2025-01-10Docx reader and writer: support row heads.John MacFarlane
Reader: When `w:tblLook` has `w:firstColumn` set (or an equivalent bit mask), we set row heads = 1 in the AST. Writer: set `w:firstColumn` in `w:tblLook` when there are row heads. (Word only allows one, so this is triggered by any number of row heads > 0.) Closes #9495.
2025-01-10Docx reader: read table styles as custom styles...John MacFarlane
...when `styles` extension is enabled. Closes #9603. Also improve manual's coverage of custom styles.
2025-01-07HTML reader: add size information for fa svg icons.John MacFarlane
If the icon has class fa-fw or fa-w16 or fa-w14, we add a width attribute to prevent the icon from appearing full-width in PDF or docx output. Closes #10134.

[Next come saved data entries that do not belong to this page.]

Lemma gle_wpt r c r' c' : (r < 2)%N -> (c < 3)%N -> (r' < 2)%N -> (c' < 3)%N ->
  gle (wpt r c) (wpt r' c') = (r <= r')%N && (c <= c')%N.
Proof.
move=> r2 c3 r2' c3'; have [w rE cE] := wptE rows_ge2 cols_ge3 r2 c3.
by have [w' rE' cE'] := wptE rows_ge2 cols_ge3 r2' c3'; rewrite (gle_win w w') rE cE rE' cE'.
Qed.

Lemma arrow_wpt r c r' c' : (r < 2)%N -> (c < 3)%N -> (r' < 2)%N -> (c' < 3)%N ->
  arrow (wpt r c) (wpt r' c') = ((r == r') && (c.+1 == c')) || ((c == c') && (r.+1 == r')).
Proof.
move=> r2 c3 r2' c3'; have [w rE cE] := wptE rows_ge2 cols_ge3 r2 c3.
by have [w' rE' cE'] := wptE rows_ge2 cols_ge3 r2' c3'; rewrite (arrow_win w w') rE cE rE' cE'.
Qed.

Lemma eq_wpt r c r' c' : (r < 2)%N -> (c < 3)%N -> (r' < 2)%N -> (c' < 3)%N ->
  (wpt r c == wpt r' c') = (r == r') && (c == c').
Proof.
move=> r2 c3 r2' c3'; have [w rE cE] := wptE rows_ge2 cols_ge3 r2 c3.
have [w' rE' cE'] := wptE rows_ge2 cols_ge3 r2' c3'.
apply/eqP/andP => [uv | [/eqP <- /eqP <-] //].
by have := congr1 wrow uv; have := congr1 wcol uv; rewrite rE cE rE' cE' => -> ->; rewrite !eqxx.
Qed.

Local Notation pa := (wpt 0 1).
Local Notation pb := (wpt 0 2).
Local Notation pc := (wpt 1 0).
Local Notation pw := (wpt 1 1).
Local Notation pt := (wpt 1 2).

Definition brick_supp : {set vtx} := [set u | brick_rdim u != 0%N].

Lemma win_supp u : u \in brick_supp -> win u.
Proof. by rewrite inE => u_supp; apply: win_brick_rdim; rewrite lt0n. Qed.

Lemma brick_suppE : brick_supp = [set pa; pb; pc; pw; pt].
Proof.
apply/setP => u; rewrite !inE; apply/idP/idP => [dim_u|].
  have wu : win u by apply: win_brick_rdim; rewrite lt0n.
  rewrite (brick_rdimE wu) in dim_u.
  rewrite (win_wpt rows_ge2 cols_ge3 wu) !eq_wpt ?wrow_lt ?wcol_lt //.
  move: dim_u (wrow_lt wu) (wcol_lt wu).
  by case: (wrow u) => [|[|r]] //; case: (wcol u) => [|[|[|c]]].
by rewrite -!orbA => /or4P [| | |/orP []] /eqP ->; rewrite wpt_rdim.
Qed.

Lemma brick_suppP u :
  reflect [\/ u = pa, u = pb, u = pc | u = pw \/ u = pt] (u \in brick_supp).
Proof.
rewrite brick_suppE !inE -!orbA.
apply: (iffP idP) => [|[| | |[]] ->]; rewrite ?eqxx ?orTb ?orbT //.
by case/or4P=> [| | |/orP []] /eqP ->;
  [apply: Or41 | apply: Or42 | apply: Or43 | apply: Or44; left | apply: Or44; right].
Qed.

Lemma brick_supp_gle u v : u \in brick_supp -> gle u v -> v \in brick_supp.
Proof.
move=> u_supp uv; have wu := win_supp u_supp; have wv := win_gle wu uv.
move: u_supp; rewrite !inE !brick_rdimE //.
move: (gle_wcoord wu uv) (wrow_lt wv) (wcol_lt wv).
by case: (wrow u) => [|[|?]] //; case: (wcol u) => [|[|[|?]]] //;
  case: (wrow v) => [|[|?]] //; case: (wcol v) => [|[|[|?]]].
Qed.

Definition brick_supp_cut : {set vtx} := brick_supp :\ pa.

Lemma brick_supp_cut_gle u v : u \in brick_supp_cut -> gle u v -> v \in brick_supp_cut.
Proof.
rewrite !in_setD1 => /andP [u_pa u_supp] uv; rewrite (brick_supp_gle u_supp uv) andbT.
apply: contraNneq u_pa => v_pa; move: uv; rewrite v_pa.
by case/brick_suppP: u_supp => [| | |[]] ->; rewrite ?gle_wpt ?eqxx.
Qed.

Lemma is_interval_brick (I : {set vtx}) : I \subset brick_supp -> [set pb; pc; pw; pt] \subset I ->
  (forall x z, x \in I -> gle x z -> z \in I) -> is_interval I.
Proof.
move=> /subsetP I_supp /subsetP sub_I I_gle.
have [bI cI wI tI] : [/\ pb \in I, pc \in I, pw \in I & pt \in I].
  by split; apply: sub_I; rewrite !inE eqxx ?orbT.
apply: (is_interval_up tI) I_gle => x xI.
pose R a b := [&& a \in I, b \in I & arrow a b || arrow b a].
have step y z : y \in I -> z \in I -> arrow y z -> connect R y z.
  by move=> yI zI yz; apply: connect1; rewrite /R yI zI yz.
have bt : connect R pb pt by apply: step; rewrite ?arrow_wpt.
have wt : connect R pw pt by apply: step; rewrite ?arrow_wpt.
case/brick_suppP: (I_supp x xI) => [| | |[]] xE; rewrite xE in xI *.
- by apply: connect_trans bt; apply: step; rewrite ?arrow_wpt.
- exact: bt.
- by apply: connect_trans wt; apply: step; rewrite ?arrow_wpt.
- exact: wt.
- exact: connect0.
Qed.

Lemma brick_rdim_supp u : u \in brick_supp -> brick_rdim u = (1 + (u == pw))%N.
Proof.
by case/brick_suppP=> [| | |[]] ->; rewrite wpt_rdim // eq_wpt.
Qed.

Lemma brick_split (S I : {set vtx}) : S \subset I -> I \subset brick_supp ->
  (pa \notin S) || (pw \notin S) -> iso S brick (dsum (VI K I) (VI K [set pw])).
Proof.
move=> /subsetP SI /subsetP I_supp not_aw.
have S_supp u : u \in S -> u \in brick_supp by move/SI/I_supp.
apply: iso_entrywise => [u uS | u v uS vS uv i j i' j' ii' jj'].
  by rewrite /= brick_rdim_supp ?S_supp // SI // inE.
rewrite rmap_dsum_VI ?SI // mxE -ii' -jj'; congr (_%:R).
have wu := win_supp (S_supp u uS); have wv := win_supp (S_supp v vS).
have /andP [ruv cuv] := gle_wcoord wu uv.
have dim_u : brick_rdim u = brick_dim (wrow u) (wcol u) := brick_rdimE wu.
have dim_v : brick_rdim v = brick_dim (wrow v) (wcol v) := brick_rdimE wv.
apply: brick_coef_delta; rewrite ?wrow_lt ?wcol_lt ?ruv ?cuv -?dim_u -?dim_v //.
- by have := S_supp u uS; rewrite inE.
- by have := S_supp v vS; rewrite inE.
apply/and4P => -[/eqP ru /eqP cu /eqP rv /eqP cv].
move: not_aw; rewrite (win_wpt rows_ge2 cols_ge3 wu) (win_wpt rows_ge2 cols_ge3 wv) in uS vS.
by rewrite ru cu rv cv in uS vS; rewrite uS vS.
Qed.

Lemma brick_endo_scalar (S : {set vtx}) e : brick_supp \subset S ->
  @is_mor K m n S brick brick e -> exists x, forall u, u \in brick_supp -> e u = x%:M.
Proof.
move=> /subsetP supp_S e_mor.
have [aS bS cS wS tS] : [/\ pa \in S, pb \in S, pc \in S, pw \in S & pt \in S].
  by split; apply: supp_S; rewrite inE wpt_rdim.
have [_ ra ca] := wptE rows_ge2 cols_ge3 (isT : 0 < 2)%N (isT : 1 < 3)%N.
have [_ rb cb] := wptE rows_ge2 cols_ge3 (isT : 0 < 2)%N (isT : 2 < 3)%N.
have [_ rc cc] := wptE rows_ge2 cols_ge3 (isT : 1 < 2)%N (isT : 0 < 3)%N.
have [_ rw cw] := wptE rows_ge2 cols_ge3 (isT : 1 < 2)%N (isT : 1 < 3)%N.
have [_ rt ct] := wptE rows_ge2 cols_ge3 (isT : 1 < 2)%N (isT : 2 < 3)%N.
have Ecw := e_mor _ _ cS wS ltac:(by rewrite gle_wpt).
have Eaw := e_mor _ _ aS wS ltac:(by rewrite gle_wpt).
have Ewt := e_mor _ _ wS tS ltac:(by rewrite gle_wpt).
have Eab := e_mor _ _ aS bS ltac:(by rewrite gle_wpt).
have Ebt := e_mor _ _ bS tS ltac:(by rewrite gle_wpt).
move: Ecw Eaw Ewt Eab Ebt; rewrite /= ra ca rb cb rc cc rw cw rt ct => Ecw Eaw Ewt Eab Ebt.
have [x [ec ew ea eb et]] := brick_endo_scalar_mx (wpt_rdim (isT : 1 < 2)%N (isT : 0 < 3)%N)
  (wpt_rdim (isT : 1 < 2)%N (isT : 1 < 3)%N) (wpt_rdim (isT : 0 < 2)%N (isT : 1 < 3)%N)
  (wpt_rdim (isT : 0 < 2)%N (isT : 2 < 3)%N) (wpt_rdim (isT : 1 < 2)%N (isT : 2 < 3)%N)
  Ecw Eaw Ewt Eab Ebt.
by exists x => u /brick_suppP [| | |[]] ->.
Qed.

(* [p * i] is a scalar endomorphism of the brick of rank at most one at the centre, where
   the brick has dimension two, so it vanishes; then [i * p] squares to zero. *)
Lemma brick_null_through (S J : {set vtx}) : brick_supp \subset S -> VI_null_through S brick J.
Proof.
move=> supp_S i p i_mor p_mor u uS.
have [x ex] := brick_endo_scalar supp_S (is_mor_comp p_mor i_mor).
have w_supp : pw \in brick_supp by rewrite inE wpt_rdim.
have x0 : x = 0.
  apply/eqP; apply: contraT => x_neq0.
  have : (brick_rdim pw <= \rank (p pw *m i pw))%N.
    rewrite ex //; apply: (mulmx1_min_rank (M := x^-1%:M) (N := 1%:M)).
    by rewrite mulmx1 -scalar_mxM mulVf.
  rewrite wpt_rdim //; apply: contraLR => _; rewrite -ltnNge.
  apply: leq_ltn_trans (mxrankM_maxl _ _) _.
  by apply: leq_ltn_trans (rank_leq_col _) _; rewrite ltnS leq_b1.
have pi0 : p u *m i u = 0.
  have [u_supp|u_supp] := boolP (u \in brick_supp); first by rewrite ex // x0 raddf0.
  move: u_supp (p u *m i u); rewrite inE negbK /= => /eqP -> A; exact: flatmx0.
apply: mx_sqr0_le1; first by rewrite leq_b1.
by rewrite mulmxA -(mulmxA (i u)) pi0 mulmx0 mul0mx.
Qed.

Lemma rowc_wpt r c : (r < 2)%N -> (c < 3)%N -> rowc s (wpt r c) = (nrows m n s - 2 + r)%N.
Proof. by move=> r2 c3; have [w rE _] := wptE rows_ge2 cols_ge3 r2 c3; rewrite rowcE // rE. Qed.

Lemma colc_wpt r c : (r < 2)%N -> (c < 3)%N -> colc s (wpt r c) = (ncols m n s - 3 + c)%N.
Proof. by move=> r2 c3; have [w _ cE] := wptE rows_ge2 cols_ge3 r2 c3; rewrite colcE // cE. Qed.

Lemma pt_sink (J : {set vtx}) : pt \in J -> J \subset brick_supp -> pt \in sinks J.
Proof.
move=> tJ /subsetP J_supp; rewrite inE tJ; apply/exists_inP => -[y /J_supp].
by case/brick_suppP => [| | |[]] ->; rewrite arrow_wpt.
Qed.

2025-01-06Djot reader/writer highlighted text fixes:John MacFarlane
- The reader now uses a Span with class "mark" rather than "highlighted", for consistency with the other pandoc readers and writers. - The writer renders a Span with sole class "mark" as highlighted text.
2025-01-06Asciidoc writer: don't emit class in span if it's just "mark".John MacFarlane
"mark" class is used for highlighting, and Asciidoc treats bare `#...#` with no attributes as highlighted text. Closes #10511.
2025-01-06EPUB v2 writer: fix cover image.John MacFarlane
Closes #10505. Regression from 3.6 caused by #10404.
2025-01-03Add mdoc St for C23Evan Silberman
Following mandoc: https://cvsweb.bsd.lv/mandoc/st.c?rev=1.19&content-type=text/x-cvsweb-markup
2025-01-01Typst writer: fix handling of pixel image dimensions.John MacFarlane
These are now converted to inches as in the LaTeX writer. Closes #9945.